EXERCISE AIM: Nothing other than the lines from the one containing "Variables (I : Z) (w : Z -> R)." through the last line of the data below should be output, each reproduced exactly.

DATA:
=== Begin Enclosure ===
Lemma partial_sum_potential (w : Z -> R) (k : nat) :
  (forall z : Z, (z <= 0)%Z -> w z = 0) ->
  Zsum 1 (Z.of_nat k) (fun i => w i - beta alpha Ba w (i - 1)%Z) = potential w (Z.of_nat k).
Proof.
  intros Hw0. induction k as [|k IH].
  - symmetry. apply sumn_zero. intros n Hn. rewrite Hw0 by lia. ring.
  - rewrite Zsum_sumn in IH |- *.
    replace (Z.to_nat (Z.of_nat k - 1 + 1)) with k in IH by lia.
    replace (Z.to_nat (Z.of_nat (S k) - 1 + 1)) with (S k) by lia.
    rewrite sumn_S, IH, Nat2Z.inj_succ, <- Z.add_1_r, potential_step.
    replace (1 + Z.of_nat k)%Z with (Z.of_nat k + 1)%Z by lia.
    replace (Z.of_nat k + 1 - 1)%Z with (Z.of_nat k) by lia. ring.
Qed.

End Potential.

Section Monotone.

Variables (I : Z) (w : Z -> R).
Hypotheses (Hw0 : forall k : Z, (k <= 0)%Z -> w k = 0)
           (Hwp : forall k : Z, (1 <= k <= I)%Z -> 0 <= w k)
           (Hwm : forall k : Z, (1 <= k < I)%Z -> w k <= w (k + 1)%Z).

Lemma extended_step (k : Z) : (k < I)%Z -> w k <= w (k + 1)%Z.
Proof.
  intros HkI. destruct (Z_le_gt_dec 1 k) as [Hk | Hk]; [apply Hwm; lia|].
  rewrite (Hw0 k) by lia.
  destruct (Z_le_gt_dec (k + 1) 0) as [Hk1 | Hk1].
  - rewrite Hw0 by lia. lra.
  - apply Hwp. lia.
Qed.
=== End Enclosure ===
SOLUTION:
Variables (I : Z) (w : Z -> R).
Hypotheses (Hw0 : forall k : Z, (k <= 0)%Z -> w k = 0)
           (Hwp : forall k : Z, (1 <= k <= I)%Z -> 0 <= w k)
           (Hwm : forall k : Z, (1 <= k < I)%Z -> w k <= w (k + 1)%Z).

Lemma extended_step (k : Z) : (k < I)%Z -> w k <= w (k + 1)%Z.
Proof.
  intros HkI. destruct (Z_le_gt_dec 1 k) as [Hk | Hk]; [apply Hwm; lia|].
  rewrite (Hw0 k) by lia.
  destruct (Z_le_gt_dec (k + 1) 0) as [Hk1 | Hk1].
  - rewrite Hw0 by lia. lra.
  - apply Hwp. lia.
Qed.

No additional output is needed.